WHAT YOU WILL DO:
In the records below, find the line that contains "q_next - q_n" and the line that contains "rewrite gipC gipNr", then retype exactly those two lines and every line between them.

START EXERCISE INPUTS

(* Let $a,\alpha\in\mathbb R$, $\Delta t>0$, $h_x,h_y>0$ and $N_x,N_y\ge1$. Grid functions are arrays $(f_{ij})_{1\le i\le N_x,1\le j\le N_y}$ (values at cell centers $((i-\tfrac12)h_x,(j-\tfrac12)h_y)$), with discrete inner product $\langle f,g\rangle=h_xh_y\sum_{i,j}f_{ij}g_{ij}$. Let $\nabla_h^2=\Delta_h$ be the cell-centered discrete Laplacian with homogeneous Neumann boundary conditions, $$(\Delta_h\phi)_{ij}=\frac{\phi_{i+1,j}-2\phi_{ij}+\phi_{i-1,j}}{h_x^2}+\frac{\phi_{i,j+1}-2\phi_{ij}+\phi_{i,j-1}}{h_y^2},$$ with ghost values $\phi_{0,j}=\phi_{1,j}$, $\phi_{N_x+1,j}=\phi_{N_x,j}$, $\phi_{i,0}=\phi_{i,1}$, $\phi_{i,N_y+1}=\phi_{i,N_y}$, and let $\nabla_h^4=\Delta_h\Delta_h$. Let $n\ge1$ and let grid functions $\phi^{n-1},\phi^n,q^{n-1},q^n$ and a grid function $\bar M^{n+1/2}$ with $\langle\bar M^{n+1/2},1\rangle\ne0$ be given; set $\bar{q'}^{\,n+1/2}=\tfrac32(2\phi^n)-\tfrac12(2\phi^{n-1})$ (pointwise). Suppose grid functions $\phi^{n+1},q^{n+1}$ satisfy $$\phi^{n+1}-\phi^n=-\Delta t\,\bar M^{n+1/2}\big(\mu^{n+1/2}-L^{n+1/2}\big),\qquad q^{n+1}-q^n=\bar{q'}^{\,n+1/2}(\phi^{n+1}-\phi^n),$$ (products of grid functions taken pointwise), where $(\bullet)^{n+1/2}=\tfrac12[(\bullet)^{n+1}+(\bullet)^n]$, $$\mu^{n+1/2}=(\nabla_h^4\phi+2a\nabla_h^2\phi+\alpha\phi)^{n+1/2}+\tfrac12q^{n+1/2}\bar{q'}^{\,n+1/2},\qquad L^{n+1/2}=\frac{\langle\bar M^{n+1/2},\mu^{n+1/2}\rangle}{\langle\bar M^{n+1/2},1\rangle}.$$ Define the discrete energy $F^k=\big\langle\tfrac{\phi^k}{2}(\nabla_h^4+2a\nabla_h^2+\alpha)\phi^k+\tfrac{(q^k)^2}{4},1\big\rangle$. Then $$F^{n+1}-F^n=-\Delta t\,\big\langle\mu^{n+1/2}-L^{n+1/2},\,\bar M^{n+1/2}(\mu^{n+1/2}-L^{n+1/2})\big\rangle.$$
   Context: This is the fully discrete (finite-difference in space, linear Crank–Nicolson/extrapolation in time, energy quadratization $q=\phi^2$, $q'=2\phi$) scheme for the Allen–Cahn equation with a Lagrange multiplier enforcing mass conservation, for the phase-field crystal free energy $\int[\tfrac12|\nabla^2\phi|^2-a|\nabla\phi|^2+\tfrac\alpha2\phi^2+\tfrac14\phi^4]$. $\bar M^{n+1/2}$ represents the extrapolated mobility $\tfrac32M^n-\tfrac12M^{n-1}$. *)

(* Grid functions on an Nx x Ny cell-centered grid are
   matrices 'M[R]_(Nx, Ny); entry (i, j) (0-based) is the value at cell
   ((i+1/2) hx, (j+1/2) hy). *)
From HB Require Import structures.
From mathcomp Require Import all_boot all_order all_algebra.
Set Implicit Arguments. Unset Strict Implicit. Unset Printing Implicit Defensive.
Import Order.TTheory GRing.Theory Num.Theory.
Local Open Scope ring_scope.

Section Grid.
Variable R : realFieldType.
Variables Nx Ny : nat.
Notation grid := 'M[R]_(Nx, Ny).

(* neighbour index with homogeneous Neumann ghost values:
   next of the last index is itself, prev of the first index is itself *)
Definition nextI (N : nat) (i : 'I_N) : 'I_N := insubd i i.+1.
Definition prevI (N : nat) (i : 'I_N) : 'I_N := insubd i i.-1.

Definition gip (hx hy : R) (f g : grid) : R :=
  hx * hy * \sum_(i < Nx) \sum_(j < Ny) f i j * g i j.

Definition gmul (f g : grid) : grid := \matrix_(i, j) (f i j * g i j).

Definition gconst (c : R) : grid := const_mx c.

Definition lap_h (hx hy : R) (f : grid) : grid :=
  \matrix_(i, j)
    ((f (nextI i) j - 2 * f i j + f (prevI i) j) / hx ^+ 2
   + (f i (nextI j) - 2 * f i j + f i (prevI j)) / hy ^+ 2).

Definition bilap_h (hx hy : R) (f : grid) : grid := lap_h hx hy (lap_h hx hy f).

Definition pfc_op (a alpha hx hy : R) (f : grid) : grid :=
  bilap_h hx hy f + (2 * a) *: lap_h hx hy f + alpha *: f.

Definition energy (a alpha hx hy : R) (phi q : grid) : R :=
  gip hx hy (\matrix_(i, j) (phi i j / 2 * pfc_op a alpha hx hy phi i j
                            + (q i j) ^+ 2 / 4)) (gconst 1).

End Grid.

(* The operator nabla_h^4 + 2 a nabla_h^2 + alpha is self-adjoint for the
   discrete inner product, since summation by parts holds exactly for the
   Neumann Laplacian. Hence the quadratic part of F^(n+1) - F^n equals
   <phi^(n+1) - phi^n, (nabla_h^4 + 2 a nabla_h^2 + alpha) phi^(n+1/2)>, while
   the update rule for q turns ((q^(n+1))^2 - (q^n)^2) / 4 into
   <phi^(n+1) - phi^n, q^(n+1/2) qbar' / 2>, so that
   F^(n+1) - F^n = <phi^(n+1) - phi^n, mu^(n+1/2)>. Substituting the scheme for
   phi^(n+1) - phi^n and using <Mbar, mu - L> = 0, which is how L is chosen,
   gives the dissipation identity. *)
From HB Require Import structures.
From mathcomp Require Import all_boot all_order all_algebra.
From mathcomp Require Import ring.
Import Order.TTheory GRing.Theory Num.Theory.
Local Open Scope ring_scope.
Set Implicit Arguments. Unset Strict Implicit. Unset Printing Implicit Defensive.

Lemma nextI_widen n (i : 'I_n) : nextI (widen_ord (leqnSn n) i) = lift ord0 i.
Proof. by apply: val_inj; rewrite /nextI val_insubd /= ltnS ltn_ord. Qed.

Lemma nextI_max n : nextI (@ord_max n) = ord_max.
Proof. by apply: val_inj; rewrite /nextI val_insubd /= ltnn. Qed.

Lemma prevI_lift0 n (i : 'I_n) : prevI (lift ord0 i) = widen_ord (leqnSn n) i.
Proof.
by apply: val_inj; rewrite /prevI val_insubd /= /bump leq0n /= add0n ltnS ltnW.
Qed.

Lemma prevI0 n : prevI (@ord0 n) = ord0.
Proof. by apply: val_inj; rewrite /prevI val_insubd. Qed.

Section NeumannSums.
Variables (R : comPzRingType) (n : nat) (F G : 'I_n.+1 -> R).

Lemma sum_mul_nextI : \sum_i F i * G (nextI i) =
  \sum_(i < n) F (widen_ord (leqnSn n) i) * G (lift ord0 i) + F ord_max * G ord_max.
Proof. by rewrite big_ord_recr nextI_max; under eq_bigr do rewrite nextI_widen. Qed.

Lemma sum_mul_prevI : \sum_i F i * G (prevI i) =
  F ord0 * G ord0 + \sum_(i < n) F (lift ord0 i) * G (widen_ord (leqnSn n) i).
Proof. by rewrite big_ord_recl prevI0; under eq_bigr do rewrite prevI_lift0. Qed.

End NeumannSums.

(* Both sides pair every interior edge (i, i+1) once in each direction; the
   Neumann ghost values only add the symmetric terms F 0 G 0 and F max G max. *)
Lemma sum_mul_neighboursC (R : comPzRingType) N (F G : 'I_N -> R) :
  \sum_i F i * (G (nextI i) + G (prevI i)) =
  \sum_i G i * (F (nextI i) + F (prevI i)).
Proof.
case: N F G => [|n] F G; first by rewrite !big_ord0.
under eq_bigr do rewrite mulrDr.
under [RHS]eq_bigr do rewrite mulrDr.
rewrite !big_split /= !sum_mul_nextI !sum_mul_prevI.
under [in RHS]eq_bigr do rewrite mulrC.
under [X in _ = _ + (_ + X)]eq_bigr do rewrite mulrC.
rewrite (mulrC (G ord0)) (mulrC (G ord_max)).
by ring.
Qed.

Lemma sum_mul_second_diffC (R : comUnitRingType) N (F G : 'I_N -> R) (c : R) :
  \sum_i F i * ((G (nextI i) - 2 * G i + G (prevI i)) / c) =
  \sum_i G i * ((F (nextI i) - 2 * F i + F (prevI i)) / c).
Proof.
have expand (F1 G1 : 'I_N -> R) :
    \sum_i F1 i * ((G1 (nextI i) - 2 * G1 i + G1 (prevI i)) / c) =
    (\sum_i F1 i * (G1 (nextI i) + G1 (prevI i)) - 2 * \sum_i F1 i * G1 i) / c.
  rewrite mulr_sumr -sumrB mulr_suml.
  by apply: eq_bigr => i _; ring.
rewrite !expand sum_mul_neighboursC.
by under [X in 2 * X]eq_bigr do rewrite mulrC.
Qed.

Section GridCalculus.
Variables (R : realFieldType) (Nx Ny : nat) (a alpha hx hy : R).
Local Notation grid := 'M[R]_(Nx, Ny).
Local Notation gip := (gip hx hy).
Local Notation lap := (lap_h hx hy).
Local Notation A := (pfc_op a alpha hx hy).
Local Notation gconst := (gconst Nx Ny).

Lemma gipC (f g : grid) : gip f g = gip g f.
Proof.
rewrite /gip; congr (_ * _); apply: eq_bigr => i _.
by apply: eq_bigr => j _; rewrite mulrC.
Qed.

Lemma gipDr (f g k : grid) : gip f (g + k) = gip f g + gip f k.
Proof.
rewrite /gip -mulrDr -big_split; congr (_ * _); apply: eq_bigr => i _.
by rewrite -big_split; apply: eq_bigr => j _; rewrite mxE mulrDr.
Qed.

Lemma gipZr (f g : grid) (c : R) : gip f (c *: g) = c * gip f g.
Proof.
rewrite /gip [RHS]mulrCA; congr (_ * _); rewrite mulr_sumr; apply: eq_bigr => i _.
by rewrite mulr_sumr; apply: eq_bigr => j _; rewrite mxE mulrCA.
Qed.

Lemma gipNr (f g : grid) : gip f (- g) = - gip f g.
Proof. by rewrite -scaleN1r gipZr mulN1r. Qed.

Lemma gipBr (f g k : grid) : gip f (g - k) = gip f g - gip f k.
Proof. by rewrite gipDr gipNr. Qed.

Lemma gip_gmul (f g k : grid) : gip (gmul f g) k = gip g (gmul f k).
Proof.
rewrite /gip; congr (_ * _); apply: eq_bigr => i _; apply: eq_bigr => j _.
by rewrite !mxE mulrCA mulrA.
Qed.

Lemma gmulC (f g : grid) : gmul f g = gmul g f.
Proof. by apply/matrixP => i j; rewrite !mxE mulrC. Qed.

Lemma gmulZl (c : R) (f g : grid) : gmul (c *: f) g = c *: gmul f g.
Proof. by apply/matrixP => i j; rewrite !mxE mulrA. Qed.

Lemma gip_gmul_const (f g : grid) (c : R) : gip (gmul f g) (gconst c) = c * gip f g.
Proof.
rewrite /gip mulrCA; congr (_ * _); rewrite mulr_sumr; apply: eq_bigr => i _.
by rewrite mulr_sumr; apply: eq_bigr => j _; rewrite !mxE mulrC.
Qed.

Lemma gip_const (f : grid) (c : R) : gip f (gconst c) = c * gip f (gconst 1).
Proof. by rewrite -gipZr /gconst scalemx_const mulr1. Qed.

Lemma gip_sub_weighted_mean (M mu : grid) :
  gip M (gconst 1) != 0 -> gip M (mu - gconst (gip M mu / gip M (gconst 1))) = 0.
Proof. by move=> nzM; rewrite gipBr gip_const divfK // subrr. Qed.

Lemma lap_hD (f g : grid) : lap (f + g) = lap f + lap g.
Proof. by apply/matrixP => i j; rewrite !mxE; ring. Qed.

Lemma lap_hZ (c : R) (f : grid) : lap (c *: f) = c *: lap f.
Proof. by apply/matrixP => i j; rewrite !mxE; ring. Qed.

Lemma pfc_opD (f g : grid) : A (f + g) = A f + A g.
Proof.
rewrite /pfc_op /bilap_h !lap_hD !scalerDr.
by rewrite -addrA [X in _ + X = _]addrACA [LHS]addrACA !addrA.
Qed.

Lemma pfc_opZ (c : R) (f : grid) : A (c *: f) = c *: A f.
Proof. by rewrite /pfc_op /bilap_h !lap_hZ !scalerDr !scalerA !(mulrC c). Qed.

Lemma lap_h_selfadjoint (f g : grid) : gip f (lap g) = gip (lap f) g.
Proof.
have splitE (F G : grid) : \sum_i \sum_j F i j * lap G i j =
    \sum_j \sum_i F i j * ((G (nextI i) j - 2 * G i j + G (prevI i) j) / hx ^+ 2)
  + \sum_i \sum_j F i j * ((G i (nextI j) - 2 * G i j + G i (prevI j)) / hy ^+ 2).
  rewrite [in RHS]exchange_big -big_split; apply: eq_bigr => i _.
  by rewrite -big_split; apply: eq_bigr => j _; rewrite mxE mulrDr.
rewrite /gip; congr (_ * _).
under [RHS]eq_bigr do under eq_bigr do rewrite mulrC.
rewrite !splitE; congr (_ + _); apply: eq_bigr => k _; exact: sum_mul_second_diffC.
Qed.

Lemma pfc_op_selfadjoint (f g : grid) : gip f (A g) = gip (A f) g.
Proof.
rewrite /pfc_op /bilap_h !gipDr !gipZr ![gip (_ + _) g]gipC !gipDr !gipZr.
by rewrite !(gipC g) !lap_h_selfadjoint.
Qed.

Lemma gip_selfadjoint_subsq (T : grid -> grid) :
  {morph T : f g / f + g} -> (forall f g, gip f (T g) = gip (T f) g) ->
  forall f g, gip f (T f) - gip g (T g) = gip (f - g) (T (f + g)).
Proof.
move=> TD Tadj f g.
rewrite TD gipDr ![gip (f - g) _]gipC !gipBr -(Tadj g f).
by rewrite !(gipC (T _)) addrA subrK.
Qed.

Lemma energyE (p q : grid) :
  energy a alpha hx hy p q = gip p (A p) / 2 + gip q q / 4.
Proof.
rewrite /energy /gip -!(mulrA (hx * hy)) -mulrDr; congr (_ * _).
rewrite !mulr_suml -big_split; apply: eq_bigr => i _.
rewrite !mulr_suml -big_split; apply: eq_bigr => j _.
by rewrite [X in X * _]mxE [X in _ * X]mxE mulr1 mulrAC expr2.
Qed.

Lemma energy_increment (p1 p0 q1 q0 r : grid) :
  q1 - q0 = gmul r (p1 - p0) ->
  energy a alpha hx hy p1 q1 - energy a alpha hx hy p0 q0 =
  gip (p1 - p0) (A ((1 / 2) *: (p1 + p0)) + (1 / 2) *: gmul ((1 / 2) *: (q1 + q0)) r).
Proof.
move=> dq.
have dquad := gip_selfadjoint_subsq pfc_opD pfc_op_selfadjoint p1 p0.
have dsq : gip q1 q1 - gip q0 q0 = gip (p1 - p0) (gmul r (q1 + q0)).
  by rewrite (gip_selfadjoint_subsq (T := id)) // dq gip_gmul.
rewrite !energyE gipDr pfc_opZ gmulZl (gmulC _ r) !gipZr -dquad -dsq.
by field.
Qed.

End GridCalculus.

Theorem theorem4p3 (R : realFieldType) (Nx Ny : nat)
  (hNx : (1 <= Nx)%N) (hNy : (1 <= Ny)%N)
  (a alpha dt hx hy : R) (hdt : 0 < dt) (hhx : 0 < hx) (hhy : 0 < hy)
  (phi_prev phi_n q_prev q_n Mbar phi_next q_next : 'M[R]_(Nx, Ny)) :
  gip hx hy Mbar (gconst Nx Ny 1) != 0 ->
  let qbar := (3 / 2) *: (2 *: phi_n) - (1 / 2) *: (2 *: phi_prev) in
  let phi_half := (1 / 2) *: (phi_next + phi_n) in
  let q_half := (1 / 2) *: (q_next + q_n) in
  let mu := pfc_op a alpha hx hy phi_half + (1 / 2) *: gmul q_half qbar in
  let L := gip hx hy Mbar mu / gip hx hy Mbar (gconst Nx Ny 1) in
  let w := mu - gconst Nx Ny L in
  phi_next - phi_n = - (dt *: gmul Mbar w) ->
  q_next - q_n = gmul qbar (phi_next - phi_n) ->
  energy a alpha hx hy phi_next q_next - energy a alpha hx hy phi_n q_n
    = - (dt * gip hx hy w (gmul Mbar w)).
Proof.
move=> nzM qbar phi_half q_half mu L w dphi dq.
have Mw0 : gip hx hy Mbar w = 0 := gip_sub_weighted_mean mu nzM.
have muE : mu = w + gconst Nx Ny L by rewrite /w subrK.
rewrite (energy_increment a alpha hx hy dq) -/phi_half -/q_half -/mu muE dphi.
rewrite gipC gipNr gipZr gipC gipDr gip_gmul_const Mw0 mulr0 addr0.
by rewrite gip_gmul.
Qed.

END EXERCISE INPUTS

RESULT OF THE EXERCISE:
  q_next - q_n = gmul qbar (phi_next - phi_n) ->
  energy a alpha hx hy phi_next q_next - energy a alpha hx hy phi_n q_n
    = - (dt * gip hx hy w (gmul Mbar w)).
Proof.
move=> nzM qbar phi_half q_half mu L w dphi dq.
have Mw0 : gip hx hy Mbar w = 0 := gip_sub_weighted_mean mu nzM.
have muE : mu = w + gconst Nx Ny L by rewrite /w subrK.
rewrite (energy_increment a alpha hx hy dq) -/phi_half -/q_half -/mu muE dphi.
rewrite gipC gipNr gipZr gipC gipDr gip_gmul_const Mw0 mulr0 addr0.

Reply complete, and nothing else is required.